DATA EXTRACTS:
= Beginning of Section =

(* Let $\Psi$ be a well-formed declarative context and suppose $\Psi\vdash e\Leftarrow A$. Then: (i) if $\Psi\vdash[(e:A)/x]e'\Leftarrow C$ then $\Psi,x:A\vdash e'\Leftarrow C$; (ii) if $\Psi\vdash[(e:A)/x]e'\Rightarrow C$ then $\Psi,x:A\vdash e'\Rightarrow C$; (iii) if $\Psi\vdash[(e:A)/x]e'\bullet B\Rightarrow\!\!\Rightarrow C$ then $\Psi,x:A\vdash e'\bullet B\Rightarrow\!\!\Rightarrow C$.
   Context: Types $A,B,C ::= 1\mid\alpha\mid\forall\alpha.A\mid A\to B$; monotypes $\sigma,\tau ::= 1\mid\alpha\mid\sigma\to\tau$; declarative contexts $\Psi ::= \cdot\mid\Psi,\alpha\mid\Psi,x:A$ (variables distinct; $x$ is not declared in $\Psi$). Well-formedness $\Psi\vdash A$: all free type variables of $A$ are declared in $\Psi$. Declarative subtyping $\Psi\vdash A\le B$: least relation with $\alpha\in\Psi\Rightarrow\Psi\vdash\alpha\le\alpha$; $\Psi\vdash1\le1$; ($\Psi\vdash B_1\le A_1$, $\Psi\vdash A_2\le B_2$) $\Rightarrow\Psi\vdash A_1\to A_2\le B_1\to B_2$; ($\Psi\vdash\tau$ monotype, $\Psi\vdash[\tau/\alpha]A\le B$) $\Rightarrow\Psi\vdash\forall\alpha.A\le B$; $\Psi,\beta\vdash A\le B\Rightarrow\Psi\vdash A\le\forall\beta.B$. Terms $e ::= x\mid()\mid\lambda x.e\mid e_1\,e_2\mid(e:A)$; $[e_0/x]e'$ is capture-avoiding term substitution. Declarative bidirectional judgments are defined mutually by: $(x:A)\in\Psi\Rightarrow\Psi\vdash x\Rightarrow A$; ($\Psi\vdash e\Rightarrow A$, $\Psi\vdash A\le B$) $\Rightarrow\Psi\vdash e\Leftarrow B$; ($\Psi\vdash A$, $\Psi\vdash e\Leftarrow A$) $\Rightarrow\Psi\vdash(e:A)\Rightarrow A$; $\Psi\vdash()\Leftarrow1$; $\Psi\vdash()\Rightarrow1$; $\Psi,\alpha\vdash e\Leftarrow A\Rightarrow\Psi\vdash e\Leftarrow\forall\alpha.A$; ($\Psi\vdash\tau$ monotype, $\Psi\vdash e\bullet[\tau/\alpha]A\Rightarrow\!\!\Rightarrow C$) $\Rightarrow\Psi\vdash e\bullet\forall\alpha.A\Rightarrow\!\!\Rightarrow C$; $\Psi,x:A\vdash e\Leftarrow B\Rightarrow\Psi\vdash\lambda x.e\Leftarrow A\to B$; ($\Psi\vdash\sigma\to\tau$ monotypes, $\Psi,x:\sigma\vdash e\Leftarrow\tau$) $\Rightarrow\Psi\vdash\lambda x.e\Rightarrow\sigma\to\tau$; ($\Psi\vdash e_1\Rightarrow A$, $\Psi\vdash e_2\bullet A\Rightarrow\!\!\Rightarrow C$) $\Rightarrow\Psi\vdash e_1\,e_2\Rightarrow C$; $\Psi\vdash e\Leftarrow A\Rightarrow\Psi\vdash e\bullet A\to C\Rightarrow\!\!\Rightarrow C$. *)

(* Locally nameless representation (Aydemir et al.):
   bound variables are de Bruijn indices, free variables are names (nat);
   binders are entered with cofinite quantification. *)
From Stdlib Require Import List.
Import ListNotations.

= End of Section =
= Beginning of Section =

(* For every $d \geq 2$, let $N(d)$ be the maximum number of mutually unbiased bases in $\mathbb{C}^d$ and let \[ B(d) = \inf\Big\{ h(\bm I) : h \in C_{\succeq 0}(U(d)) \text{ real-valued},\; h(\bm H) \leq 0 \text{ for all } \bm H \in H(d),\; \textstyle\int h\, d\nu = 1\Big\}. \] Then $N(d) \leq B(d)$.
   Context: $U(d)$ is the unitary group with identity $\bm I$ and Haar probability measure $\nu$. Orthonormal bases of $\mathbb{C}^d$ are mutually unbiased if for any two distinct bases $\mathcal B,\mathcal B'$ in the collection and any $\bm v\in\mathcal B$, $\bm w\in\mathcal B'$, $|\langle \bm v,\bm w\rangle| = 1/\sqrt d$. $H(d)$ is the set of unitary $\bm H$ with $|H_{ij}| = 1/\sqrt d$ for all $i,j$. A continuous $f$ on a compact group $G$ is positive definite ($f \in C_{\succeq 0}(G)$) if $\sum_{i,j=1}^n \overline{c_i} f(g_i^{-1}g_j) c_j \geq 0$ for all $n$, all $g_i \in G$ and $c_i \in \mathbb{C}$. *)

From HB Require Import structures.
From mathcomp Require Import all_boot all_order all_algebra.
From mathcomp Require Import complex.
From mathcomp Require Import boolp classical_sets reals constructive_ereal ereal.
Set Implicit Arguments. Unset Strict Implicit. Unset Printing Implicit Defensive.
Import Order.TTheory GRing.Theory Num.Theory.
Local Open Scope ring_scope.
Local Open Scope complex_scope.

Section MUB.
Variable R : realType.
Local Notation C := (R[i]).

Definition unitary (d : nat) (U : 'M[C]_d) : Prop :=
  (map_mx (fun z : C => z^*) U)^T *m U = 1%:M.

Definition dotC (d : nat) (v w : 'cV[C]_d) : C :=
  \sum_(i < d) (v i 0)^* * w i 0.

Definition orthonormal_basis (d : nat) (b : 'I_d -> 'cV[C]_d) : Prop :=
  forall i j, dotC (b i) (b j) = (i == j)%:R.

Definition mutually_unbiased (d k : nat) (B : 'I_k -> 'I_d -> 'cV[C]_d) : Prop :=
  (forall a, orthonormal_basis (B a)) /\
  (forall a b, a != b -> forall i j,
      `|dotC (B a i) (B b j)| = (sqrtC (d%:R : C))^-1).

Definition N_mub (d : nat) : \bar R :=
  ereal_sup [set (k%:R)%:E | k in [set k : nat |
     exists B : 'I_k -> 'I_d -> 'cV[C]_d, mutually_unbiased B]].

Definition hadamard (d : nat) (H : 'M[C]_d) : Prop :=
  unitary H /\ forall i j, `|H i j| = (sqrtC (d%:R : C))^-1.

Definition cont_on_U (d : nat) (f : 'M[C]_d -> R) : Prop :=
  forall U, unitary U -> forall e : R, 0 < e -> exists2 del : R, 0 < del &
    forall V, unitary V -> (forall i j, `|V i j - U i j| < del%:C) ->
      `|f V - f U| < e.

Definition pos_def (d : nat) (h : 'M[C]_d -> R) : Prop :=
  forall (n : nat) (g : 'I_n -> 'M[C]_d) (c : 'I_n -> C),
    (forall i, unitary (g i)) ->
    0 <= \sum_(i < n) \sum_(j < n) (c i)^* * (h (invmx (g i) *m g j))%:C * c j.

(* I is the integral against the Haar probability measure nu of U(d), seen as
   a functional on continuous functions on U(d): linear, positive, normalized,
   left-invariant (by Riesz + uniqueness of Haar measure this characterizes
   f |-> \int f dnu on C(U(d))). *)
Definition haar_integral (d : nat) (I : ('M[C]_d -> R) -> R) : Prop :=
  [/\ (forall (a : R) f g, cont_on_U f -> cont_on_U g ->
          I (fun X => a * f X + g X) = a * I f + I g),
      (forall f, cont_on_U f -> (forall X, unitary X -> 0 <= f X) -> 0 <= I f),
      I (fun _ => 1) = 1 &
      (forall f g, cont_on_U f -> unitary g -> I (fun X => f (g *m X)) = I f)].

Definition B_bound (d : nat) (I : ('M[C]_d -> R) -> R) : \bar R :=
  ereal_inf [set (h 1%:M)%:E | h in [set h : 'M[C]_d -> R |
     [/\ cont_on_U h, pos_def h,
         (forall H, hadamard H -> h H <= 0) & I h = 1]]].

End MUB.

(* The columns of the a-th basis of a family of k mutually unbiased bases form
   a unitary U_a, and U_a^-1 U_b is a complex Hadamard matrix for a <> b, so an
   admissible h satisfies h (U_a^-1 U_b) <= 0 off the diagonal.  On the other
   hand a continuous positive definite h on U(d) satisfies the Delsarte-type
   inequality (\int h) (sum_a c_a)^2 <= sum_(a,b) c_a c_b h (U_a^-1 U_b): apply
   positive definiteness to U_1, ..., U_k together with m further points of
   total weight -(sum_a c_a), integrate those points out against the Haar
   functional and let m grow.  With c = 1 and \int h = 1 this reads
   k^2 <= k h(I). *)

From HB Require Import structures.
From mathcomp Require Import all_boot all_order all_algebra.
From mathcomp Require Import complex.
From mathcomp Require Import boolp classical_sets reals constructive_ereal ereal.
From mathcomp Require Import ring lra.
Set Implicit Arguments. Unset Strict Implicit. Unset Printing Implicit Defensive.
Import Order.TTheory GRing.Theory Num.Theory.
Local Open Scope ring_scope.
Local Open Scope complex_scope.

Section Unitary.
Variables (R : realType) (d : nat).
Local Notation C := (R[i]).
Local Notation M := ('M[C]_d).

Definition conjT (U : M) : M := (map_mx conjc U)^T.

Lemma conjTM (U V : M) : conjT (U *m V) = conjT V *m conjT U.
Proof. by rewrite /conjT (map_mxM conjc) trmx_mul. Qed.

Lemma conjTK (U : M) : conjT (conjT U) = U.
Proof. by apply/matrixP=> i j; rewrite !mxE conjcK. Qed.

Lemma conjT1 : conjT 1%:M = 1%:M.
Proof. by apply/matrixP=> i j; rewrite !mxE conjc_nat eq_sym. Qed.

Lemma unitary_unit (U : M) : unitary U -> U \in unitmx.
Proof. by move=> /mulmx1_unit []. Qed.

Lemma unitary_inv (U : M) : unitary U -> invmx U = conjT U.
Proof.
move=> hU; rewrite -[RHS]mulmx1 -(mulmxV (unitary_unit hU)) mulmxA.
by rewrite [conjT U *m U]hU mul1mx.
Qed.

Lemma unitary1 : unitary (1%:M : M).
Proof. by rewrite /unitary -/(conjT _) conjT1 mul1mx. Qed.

= End of Section =

TASK ITEM: In the listing above, locate the line with "(forall a b, a" and the line with "Definition B_bound (d", then extract exactly those lines and every line between them, and nothing more.

THE COMPLETED TASK:
  (forall a b, a != b -> forall i j,
      `|dotC (B a i) (B b j)| = (sqrtC (d%:R : C))^-1).

Definition N_mub (d : nat) : \bar R :=
  ereal_sup [set (k%:R)%:E | k in [set k : nat |
     exists B : 'I_k -> 'I_d -> 'cV[C]_d, mutually_unbiased B]].

Definition hadamard (d : nat) (H : 'M[C]_d) : Prop :=
  unitary H /\ forall i j, `|H i j| = (sqrtC (d%:R : C))^-1.

Definition cont_on_U (d : nat) (f : 'M[C]_d -> R) : Prop :=
  forall U, unitary U -> forall e : R, 0 < e -> exists2 del : R, 0 < del &
    forall V, unitary V -> (forall i j, `|V i j - U i j| < del%:C) ->
      `|f V - f U| < e.

Definition pos_def (d : nat) (h : 'M[C]_d -> R) : Prop :=
  forall (n : nat) (g : 'I_n -> 'M[C]_d) (c : 'I_n -> C),
    (forall i, unitary (g i)) ->
    0 <= \sum_(i < n) \sum_(j < n) (c i)^* * (h (invmx (g i) *m g j))%:C * c j.

(* I is the integral against the Haar probability measure nu of U(d), seen as
   a functional on continuous functions on U(d): linear, positive, normalized,
   left-invariant (by Riesz + uniqueness of Haar measure this characterizes
   f |-> \int f dnu on C(U(d))). *)
Definition haar_integral (d : nat) (I : ('M[C]_d -> R) -> R) : Prop :=
  [/\ (forall (a : R) f g, cont_on_U f -> cont_on_U g ->
          I (fun X => a * f X + g X) = a * I f + I g),
      (forall f, cont_on_U f -> (forall X, unitary X -> 0 <= f X) -> 0 <= I f),
      I (fun _ => 1) = 1 &
      (forall f g, cont_on_U f -> unitary g -> I (fun X => f (g *m X)) = I f)].

Definition B_bound (d : nat) (I : ('M[C]_d -> R) -> R) : \bar R :=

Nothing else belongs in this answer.